-- Data to examine --
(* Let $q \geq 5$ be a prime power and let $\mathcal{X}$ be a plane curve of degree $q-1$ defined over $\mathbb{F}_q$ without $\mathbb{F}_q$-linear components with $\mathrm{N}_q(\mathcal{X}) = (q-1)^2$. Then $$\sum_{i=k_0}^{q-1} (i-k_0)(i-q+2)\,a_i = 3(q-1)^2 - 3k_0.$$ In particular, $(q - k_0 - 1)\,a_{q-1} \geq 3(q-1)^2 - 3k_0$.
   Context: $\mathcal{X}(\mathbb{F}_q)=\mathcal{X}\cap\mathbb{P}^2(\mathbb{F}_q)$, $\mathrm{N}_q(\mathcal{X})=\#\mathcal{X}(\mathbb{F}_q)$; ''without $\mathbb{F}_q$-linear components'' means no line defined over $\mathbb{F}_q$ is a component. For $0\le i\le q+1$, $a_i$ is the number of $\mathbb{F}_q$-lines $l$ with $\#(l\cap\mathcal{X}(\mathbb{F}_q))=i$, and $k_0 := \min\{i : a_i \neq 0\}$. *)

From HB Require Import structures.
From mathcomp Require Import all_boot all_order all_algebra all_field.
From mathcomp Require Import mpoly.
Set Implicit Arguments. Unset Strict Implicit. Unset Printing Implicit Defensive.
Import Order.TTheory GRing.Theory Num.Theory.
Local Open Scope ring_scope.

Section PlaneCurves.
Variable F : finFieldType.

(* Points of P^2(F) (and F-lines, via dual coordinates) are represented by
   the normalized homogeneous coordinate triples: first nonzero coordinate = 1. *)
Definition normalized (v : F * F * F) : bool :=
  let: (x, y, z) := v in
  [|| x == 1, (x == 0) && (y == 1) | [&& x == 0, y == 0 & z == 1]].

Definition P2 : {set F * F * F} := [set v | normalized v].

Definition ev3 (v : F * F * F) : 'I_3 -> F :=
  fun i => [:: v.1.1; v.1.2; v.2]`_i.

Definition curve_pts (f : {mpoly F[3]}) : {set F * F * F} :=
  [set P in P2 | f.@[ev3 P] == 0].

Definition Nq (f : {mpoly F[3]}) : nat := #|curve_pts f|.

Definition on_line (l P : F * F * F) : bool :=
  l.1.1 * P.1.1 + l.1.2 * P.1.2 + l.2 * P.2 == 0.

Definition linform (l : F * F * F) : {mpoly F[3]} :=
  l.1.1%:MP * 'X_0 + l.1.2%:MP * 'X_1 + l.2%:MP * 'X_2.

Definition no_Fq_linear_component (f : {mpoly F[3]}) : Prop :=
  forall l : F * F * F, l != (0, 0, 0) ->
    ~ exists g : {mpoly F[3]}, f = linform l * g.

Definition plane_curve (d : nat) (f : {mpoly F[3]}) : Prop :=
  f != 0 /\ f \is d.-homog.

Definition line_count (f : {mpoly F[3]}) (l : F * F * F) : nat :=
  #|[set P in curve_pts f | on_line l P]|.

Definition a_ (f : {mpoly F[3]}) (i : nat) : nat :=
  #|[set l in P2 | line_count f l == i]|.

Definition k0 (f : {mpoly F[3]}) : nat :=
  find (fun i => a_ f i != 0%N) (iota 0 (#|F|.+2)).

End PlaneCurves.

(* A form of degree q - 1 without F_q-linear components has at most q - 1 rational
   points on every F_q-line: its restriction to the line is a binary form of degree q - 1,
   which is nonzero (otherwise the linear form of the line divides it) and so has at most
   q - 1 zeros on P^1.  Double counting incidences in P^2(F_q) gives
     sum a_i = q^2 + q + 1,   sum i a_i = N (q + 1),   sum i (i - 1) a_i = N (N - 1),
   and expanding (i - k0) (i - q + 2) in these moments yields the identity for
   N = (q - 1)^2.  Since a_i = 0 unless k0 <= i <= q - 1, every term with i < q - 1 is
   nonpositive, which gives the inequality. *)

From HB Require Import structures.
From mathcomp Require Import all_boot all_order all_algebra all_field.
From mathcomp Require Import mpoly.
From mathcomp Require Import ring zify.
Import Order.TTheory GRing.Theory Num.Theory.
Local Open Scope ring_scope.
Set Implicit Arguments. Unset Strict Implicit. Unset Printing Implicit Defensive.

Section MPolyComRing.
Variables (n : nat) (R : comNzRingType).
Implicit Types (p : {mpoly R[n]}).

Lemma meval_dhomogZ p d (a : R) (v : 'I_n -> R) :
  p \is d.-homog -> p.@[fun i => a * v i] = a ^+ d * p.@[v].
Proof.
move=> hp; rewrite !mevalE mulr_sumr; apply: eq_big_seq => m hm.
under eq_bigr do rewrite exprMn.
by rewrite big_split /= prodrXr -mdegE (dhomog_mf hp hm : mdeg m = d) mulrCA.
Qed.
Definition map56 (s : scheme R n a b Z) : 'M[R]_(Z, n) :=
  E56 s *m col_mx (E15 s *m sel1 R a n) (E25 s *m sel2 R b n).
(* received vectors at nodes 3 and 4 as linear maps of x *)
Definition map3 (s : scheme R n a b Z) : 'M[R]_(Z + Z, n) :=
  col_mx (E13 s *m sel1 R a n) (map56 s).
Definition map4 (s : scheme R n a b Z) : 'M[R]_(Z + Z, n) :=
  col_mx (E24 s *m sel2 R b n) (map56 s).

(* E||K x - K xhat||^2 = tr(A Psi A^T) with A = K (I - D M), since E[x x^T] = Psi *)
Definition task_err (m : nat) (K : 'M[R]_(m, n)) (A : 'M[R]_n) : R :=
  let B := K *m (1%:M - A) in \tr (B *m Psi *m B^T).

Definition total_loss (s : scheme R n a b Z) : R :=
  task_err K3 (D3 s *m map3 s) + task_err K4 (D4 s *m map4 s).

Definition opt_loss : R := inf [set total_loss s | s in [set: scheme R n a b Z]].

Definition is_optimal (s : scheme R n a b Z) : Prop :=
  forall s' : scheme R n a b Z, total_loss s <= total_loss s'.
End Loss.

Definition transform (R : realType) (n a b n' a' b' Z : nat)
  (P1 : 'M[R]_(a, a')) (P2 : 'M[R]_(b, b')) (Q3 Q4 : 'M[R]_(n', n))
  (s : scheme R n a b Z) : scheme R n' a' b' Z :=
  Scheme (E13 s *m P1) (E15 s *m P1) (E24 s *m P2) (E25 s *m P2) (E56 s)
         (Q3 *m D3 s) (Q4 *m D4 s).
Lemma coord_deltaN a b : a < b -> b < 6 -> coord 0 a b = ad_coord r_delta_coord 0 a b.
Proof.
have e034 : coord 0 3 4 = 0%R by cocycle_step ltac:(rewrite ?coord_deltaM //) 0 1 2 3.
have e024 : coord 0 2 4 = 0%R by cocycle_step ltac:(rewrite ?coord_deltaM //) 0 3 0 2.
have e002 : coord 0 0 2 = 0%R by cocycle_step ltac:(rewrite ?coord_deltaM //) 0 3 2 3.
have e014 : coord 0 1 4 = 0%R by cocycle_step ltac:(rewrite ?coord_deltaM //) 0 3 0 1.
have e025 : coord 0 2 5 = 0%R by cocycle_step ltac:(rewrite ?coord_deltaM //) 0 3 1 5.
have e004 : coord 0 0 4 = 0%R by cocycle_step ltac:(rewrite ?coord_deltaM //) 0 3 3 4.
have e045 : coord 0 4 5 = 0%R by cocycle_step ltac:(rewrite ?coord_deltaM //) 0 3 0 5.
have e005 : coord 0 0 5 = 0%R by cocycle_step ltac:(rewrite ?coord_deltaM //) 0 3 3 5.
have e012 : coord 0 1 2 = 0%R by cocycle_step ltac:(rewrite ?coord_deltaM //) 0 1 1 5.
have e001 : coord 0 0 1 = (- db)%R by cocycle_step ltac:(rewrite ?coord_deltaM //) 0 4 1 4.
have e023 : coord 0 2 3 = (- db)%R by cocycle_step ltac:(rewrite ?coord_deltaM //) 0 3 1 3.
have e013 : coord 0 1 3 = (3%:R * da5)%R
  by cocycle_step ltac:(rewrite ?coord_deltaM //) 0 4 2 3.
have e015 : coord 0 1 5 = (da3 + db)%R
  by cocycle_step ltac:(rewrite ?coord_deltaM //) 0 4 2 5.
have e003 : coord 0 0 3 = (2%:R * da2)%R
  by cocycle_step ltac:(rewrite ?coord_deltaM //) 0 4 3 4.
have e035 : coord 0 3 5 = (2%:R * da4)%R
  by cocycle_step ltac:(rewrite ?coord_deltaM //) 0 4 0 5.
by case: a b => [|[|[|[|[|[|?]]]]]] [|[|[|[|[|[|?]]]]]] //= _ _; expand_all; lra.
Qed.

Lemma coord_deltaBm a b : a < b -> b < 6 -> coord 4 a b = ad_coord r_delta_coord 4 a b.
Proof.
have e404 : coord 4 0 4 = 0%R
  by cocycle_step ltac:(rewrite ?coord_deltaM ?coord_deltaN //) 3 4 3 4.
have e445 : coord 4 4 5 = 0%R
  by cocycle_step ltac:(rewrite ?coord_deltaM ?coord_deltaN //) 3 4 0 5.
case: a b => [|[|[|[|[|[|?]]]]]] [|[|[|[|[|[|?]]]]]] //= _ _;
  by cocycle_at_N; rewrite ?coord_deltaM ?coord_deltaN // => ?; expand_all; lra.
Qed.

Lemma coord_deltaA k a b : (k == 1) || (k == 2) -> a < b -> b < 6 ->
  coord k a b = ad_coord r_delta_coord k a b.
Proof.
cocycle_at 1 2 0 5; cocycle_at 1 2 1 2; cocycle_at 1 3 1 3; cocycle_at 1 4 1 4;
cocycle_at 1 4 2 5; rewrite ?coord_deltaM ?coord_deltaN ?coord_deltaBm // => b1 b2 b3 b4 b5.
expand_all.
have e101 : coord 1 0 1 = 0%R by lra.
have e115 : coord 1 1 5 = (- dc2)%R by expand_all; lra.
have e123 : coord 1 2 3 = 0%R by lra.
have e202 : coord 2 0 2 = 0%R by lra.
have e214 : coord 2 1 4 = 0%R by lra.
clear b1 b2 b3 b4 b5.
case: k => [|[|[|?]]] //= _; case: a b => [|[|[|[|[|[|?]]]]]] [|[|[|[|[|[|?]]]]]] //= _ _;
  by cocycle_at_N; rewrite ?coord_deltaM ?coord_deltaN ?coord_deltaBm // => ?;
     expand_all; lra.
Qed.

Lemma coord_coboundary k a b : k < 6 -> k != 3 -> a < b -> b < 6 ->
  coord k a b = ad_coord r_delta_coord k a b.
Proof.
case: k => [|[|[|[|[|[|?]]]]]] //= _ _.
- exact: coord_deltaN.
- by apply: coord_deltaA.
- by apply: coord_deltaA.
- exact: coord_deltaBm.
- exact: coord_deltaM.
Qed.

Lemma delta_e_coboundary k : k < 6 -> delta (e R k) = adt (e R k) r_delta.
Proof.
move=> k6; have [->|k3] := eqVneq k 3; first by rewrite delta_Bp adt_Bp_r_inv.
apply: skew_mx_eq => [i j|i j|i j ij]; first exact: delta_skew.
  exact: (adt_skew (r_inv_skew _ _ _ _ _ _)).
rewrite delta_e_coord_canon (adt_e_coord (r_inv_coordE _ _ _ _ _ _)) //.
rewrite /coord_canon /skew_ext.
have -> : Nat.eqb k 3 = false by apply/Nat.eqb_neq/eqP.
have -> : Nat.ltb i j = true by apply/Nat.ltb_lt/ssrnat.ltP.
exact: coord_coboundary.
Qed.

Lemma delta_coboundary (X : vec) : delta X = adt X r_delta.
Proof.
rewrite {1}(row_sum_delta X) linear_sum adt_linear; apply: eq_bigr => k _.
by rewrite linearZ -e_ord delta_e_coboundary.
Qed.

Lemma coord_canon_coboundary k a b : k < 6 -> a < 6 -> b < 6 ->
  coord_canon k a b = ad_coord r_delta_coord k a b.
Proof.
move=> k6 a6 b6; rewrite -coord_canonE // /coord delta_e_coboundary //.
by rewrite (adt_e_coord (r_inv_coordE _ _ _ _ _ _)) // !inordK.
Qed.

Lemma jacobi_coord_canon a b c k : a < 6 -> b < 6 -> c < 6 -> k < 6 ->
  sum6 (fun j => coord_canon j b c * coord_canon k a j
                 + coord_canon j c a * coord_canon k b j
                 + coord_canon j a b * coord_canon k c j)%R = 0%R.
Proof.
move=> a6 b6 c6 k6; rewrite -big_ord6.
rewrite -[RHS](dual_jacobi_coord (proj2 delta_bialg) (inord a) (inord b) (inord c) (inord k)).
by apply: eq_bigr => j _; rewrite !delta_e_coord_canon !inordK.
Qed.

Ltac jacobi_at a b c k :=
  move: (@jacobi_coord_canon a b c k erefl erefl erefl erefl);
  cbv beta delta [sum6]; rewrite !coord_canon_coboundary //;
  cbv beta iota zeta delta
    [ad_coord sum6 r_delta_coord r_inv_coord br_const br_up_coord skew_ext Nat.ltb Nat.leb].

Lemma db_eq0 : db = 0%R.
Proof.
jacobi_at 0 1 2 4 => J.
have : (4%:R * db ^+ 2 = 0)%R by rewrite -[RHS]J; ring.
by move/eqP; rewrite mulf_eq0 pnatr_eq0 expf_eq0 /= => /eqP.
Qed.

-- What you are asked to do --
Once the line containing "Section PlaneCurves." has been written out, please stop; every line before it, back to the first line of the records above, should be given exactly.

-- Answer space --
(* Let $q \geq 5$ be a prime power and let $\mathcal{X}$ be a plane curve of degree $q-1$ defined over $\mathbb{F}_q$ without $\mathbb{F}_q$-linear components with $\mathrm{N}_q(\mathcal{X}) = (q-1)^2$. Then $$\sum_{i=k_0}^{q-1} (i-k_0)(i-q+2)\,a_i = 3(q-1)^2 - 3k_0.$$ In particular, $(q - k_0 - 1)\,a_{q-1} \geq 3(q-1)^2 - 3k_0$.
   Context: $\mathcal{X}(\mathbb{F}_q)=\mathcal{X}\cap\mathbb{P}^2(\mathbb{F}_q)$, $\mathrm{N}_q(\mathcal{X})=\#\mathcal{X}(\mathbb{F}_q)$; ''without $\mathbb{F}_q$-linear components'' means no line defined over $\mathbb{F}_q$ is a component. For $0\le i\le q+1$, $a_i$ is the number of $\mathbb{F}_q$-lines $l$ with $\#(l\cap\mathcal{X}(\mathbb{F}_q))=i$, and $k_0 := \min\{i : a_i \neq 0\}$. *)

From HB Require Import structures.
From mathcomp Require Import all_boot all_order all_algebra all_field.
From mathcomp Require Import mpoly.
Set Implicit Arguments. Unset Strict Implicit. Unset Printing Implicit Defensive.
Import Order.TTheory GRing.Theory Num.Theory.
Local Open Scope ring_scope.

Section PlaneCurves.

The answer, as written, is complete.